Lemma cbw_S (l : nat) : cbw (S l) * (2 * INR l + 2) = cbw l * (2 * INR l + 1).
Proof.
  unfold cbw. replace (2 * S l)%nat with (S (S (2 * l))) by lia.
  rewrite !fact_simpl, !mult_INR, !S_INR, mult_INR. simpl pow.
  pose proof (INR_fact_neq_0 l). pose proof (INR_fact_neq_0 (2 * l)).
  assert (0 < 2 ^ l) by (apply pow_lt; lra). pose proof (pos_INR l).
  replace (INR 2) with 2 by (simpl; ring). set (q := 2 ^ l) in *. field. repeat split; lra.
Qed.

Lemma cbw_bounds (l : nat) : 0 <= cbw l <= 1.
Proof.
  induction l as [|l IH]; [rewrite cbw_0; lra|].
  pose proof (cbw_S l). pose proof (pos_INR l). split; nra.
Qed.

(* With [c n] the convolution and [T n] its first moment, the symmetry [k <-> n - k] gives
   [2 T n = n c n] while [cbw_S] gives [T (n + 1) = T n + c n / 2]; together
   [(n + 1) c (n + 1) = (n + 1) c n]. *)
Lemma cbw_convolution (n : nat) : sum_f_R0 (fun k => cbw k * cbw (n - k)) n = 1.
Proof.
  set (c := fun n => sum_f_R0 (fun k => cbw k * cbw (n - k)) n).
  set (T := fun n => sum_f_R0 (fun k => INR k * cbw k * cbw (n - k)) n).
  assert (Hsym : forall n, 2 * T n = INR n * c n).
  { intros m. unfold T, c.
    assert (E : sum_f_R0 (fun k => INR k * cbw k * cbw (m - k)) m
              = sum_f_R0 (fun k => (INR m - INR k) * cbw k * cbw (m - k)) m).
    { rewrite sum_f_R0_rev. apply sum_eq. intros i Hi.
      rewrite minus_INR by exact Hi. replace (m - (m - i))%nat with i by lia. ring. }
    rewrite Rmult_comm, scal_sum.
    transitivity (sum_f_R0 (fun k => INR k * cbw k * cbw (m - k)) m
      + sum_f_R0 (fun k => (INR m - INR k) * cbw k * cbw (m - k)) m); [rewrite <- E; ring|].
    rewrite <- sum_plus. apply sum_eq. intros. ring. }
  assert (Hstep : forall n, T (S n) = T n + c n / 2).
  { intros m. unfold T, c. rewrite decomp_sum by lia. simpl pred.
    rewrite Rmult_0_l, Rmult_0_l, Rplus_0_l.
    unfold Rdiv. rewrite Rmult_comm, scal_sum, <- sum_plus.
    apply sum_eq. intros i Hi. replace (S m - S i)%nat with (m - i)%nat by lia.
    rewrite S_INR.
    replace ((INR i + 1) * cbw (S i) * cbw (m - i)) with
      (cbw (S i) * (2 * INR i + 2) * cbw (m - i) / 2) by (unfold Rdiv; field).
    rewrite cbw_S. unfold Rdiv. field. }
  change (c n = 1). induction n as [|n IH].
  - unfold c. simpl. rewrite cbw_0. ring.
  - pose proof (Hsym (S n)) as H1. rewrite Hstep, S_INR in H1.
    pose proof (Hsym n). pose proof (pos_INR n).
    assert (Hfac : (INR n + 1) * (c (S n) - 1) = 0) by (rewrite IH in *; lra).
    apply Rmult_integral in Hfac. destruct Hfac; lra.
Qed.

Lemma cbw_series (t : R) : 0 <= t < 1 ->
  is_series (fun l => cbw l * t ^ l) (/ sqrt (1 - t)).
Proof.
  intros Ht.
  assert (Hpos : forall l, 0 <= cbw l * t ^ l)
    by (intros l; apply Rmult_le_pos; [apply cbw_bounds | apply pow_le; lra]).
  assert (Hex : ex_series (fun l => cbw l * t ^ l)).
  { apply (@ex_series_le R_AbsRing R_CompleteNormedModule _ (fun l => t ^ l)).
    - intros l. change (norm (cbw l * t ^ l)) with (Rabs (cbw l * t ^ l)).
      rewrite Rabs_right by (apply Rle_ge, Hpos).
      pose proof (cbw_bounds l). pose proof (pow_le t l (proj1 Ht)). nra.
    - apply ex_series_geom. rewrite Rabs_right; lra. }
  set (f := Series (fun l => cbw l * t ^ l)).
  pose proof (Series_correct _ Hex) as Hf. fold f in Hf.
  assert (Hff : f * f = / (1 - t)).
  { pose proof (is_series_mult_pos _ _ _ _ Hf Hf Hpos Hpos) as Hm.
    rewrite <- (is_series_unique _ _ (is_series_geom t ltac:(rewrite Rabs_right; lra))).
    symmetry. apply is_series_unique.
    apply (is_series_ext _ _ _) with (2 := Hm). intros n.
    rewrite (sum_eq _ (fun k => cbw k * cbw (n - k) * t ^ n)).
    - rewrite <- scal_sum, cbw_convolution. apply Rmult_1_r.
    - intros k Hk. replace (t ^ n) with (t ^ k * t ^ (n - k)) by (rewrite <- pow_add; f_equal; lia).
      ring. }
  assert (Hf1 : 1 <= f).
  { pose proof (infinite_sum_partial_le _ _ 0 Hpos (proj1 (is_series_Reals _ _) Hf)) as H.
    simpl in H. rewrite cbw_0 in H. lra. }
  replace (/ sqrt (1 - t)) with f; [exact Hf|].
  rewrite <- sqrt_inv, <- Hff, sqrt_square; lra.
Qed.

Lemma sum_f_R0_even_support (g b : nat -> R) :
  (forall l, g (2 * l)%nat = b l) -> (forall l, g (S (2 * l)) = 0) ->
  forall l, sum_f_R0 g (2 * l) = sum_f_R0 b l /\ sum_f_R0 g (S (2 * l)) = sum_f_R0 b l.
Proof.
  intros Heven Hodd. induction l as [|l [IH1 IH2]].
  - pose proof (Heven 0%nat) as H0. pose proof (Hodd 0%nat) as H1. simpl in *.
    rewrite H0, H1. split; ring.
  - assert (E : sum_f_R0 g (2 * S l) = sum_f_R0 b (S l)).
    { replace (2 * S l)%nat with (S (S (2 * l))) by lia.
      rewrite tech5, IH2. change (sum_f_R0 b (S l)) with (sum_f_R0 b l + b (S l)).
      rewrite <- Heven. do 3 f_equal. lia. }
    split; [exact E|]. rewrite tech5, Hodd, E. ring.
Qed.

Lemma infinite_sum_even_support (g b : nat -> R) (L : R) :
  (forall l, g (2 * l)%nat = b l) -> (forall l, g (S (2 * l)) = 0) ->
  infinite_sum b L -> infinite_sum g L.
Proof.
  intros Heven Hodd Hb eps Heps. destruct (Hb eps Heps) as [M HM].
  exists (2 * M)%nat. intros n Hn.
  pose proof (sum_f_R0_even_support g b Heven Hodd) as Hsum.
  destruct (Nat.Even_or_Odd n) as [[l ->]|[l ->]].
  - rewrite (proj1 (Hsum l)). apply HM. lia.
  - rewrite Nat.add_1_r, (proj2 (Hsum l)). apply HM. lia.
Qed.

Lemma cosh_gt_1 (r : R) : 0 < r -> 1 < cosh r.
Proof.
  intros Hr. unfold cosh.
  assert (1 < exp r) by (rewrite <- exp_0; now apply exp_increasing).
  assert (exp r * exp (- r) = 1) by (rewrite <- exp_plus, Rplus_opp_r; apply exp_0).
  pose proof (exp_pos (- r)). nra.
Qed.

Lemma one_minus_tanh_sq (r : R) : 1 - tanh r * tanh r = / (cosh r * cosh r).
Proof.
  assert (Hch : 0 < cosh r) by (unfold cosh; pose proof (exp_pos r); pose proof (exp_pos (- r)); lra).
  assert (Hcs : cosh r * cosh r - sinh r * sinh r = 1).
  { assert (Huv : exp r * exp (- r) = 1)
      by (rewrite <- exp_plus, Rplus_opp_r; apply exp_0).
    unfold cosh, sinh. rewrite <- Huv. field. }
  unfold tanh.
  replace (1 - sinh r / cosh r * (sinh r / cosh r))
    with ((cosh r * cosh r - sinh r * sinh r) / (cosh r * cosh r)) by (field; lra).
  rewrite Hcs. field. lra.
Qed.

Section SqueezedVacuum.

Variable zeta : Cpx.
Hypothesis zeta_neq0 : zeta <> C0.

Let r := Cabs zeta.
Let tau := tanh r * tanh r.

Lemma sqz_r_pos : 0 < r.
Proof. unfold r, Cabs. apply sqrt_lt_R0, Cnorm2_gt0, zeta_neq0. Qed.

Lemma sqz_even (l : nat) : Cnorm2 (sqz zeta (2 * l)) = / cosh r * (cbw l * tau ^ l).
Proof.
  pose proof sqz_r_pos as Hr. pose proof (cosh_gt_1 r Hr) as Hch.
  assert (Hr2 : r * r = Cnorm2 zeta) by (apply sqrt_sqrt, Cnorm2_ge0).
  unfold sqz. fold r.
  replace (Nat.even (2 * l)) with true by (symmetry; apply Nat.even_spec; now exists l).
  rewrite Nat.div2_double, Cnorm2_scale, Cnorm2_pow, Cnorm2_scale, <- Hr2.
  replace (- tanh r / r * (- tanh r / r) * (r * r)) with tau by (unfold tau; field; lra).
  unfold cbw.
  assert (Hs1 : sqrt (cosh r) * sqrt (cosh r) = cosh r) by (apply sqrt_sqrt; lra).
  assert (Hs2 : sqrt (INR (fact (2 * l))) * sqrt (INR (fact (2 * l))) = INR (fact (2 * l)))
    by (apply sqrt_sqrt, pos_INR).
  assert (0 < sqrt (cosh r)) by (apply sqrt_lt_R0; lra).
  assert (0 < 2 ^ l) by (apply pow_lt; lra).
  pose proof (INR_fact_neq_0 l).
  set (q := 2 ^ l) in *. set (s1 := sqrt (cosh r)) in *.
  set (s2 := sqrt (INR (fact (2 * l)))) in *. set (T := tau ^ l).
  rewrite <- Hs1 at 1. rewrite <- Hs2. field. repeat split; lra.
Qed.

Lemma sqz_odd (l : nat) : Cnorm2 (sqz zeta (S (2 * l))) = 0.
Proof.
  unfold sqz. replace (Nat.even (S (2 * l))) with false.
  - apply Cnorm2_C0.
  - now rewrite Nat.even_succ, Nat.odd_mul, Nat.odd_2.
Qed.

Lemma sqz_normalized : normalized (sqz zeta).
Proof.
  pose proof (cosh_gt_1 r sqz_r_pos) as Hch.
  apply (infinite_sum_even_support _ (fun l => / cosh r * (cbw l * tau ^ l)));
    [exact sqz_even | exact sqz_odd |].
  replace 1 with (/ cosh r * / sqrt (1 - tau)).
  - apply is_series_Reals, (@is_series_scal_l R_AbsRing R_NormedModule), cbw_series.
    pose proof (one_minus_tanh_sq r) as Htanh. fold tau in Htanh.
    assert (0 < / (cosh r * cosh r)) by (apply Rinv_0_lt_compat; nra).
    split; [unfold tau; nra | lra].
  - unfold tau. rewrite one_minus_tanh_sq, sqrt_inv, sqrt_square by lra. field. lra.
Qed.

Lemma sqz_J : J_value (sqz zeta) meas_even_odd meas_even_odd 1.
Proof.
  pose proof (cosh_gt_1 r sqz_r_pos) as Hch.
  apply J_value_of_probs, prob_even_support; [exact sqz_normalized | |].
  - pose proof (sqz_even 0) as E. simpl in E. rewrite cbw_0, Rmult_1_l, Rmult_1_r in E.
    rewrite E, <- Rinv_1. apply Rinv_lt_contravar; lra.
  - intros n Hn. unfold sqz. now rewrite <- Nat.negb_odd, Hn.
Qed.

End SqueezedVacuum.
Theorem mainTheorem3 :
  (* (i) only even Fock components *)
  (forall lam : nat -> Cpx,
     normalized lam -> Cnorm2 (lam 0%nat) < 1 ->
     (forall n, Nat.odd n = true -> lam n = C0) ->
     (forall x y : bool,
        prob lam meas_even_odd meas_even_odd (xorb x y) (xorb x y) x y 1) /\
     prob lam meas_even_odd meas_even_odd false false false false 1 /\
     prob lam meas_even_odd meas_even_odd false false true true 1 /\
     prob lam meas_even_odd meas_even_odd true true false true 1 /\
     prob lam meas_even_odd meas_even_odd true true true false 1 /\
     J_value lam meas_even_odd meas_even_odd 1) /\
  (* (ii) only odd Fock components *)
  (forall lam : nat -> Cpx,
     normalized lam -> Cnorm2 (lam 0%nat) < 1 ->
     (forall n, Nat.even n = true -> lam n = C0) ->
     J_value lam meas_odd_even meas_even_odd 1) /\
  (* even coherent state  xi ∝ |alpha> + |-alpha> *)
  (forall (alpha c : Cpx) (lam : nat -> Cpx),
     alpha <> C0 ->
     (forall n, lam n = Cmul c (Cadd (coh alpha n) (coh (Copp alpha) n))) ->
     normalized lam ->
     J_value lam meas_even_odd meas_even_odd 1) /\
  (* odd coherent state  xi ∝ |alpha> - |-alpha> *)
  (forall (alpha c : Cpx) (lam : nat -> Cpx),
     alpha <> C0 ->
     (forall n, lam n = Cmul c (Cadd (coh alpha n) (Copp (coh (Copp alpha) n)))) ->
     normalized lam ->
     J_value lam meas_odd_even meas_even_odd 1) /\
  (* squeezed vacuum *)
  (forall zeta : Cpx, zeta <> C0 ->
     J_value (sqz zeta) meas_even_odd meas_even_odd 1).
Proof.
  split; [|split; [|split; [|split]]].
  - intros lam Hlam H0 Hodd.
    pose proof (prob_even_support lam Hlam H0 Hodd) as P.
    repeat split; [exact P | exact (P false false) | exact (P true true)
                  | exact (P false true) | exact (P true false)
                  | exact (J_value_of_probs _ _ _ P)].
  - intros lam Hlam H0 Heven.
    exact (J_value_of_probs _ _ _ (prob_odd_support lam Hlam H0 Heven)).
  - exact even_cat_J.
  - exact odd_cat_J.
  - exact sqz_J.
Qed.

→ Your instructions
Through the line that holds "rewrite S_INR.", repeat the material above exactly, starting at its first line.

→ Response for this exercise
Lemma cbw_S (l : nat) : cbw (S l) * (2 * INR l + 2) = cbw l * (2 * INR l + 1).
Proof.
  unfold cbw. replace (2 * S l)%nat with (S (S (2 * l))) by lia.
  rewrite !fact_simpl, !mult_INR, !S_INR, mult_INR. simpl pow.
  pose proof (INR_fact_neq_0 l). pose proof (INR_fact_neq_0 (2 * l)).
  assert (0 < 2 ^ l) by (apply pow_lt; lra). pose proof (pos_INR l).
  replace (INR 2) with 2 by (simpl; ring). set (q := 2 ^ l) in *. field. repeat split; lra.
Qed.

Lemma cbw_bounds (l : nat) : 0 <= cbw l <= 1.
Proof.
  induction l as [|l IH]; [rewrite cbw_0; lra|].
  pose proof (cbw_S l). pose proof (pos_INR l). split; nra.
Qed.

(* With [c n] the convolution and [T n] its first moment, the symmetry [k <-> n - k] gives
   [2 T n = n c n] while [cbw_S] gives [T (n + 1) = T n + c n / 2]; together
   [(n + 1) c (n + 1) = (n + 1) c n]. *)
Lemma cbw_convolution (n : nat) : sum_f_R0 (fun k => cbw k * cbw (n - k)) n = 1.
Proof.
  set (c := fun n => sum_f_R0 (fun k => cbw k * cbw (n - k)) n).
  set (T := fun n => sum_f_R0 (fun k => INR k * cbw k * cbw (n - k)) n).
  assert (Hsym : forall n, 2 * T n = INR n * c n).
  { intros m. unfold T, c.
    assert (E : sum_f_R0 (fun k => INR k * cbw k * cbw (m - k)) m
              = sum_f_R0 (fun k => (INR m - INR k) * cbw k * cbw (m - k)) m).
    { rewrite sum_f_R0_rev. apply sum_eq. intros i Hi.
      rewrite minus_INR by exact Hi. replace (m - (m - i))%nat with i by lia. ring. }
    rewrite Rmult_comm, scal_sum.
    transitivity (sum_f_R0 (fun k => INR k * cbw k * cbw (m - k)) m
      + sum_f_R0 (fun k => (INR m - INR k) * cbw k * cbw (m - k)) m); [rewrite <- E; ring|].
    rewrite <- sum_plus. apply sum_eq. intros. ring. }
  assert (Hstep : forall n, T (S n) = T n + c n / 2).
  { intros m. unfold T, c. rewrite decomp_sum by lia. simpl pred.
    rewrite Rmult_0_l, Rmult_0_l, Rplus_0_l.
    unfold Rdiv. rewrite Rmult_comm, scal_sum, <- sum_plus.
    apply sum_eq. intros i Hi. replace (S m - S i)%nat with (m - i)%nat by lia.
    rewrite S_INR.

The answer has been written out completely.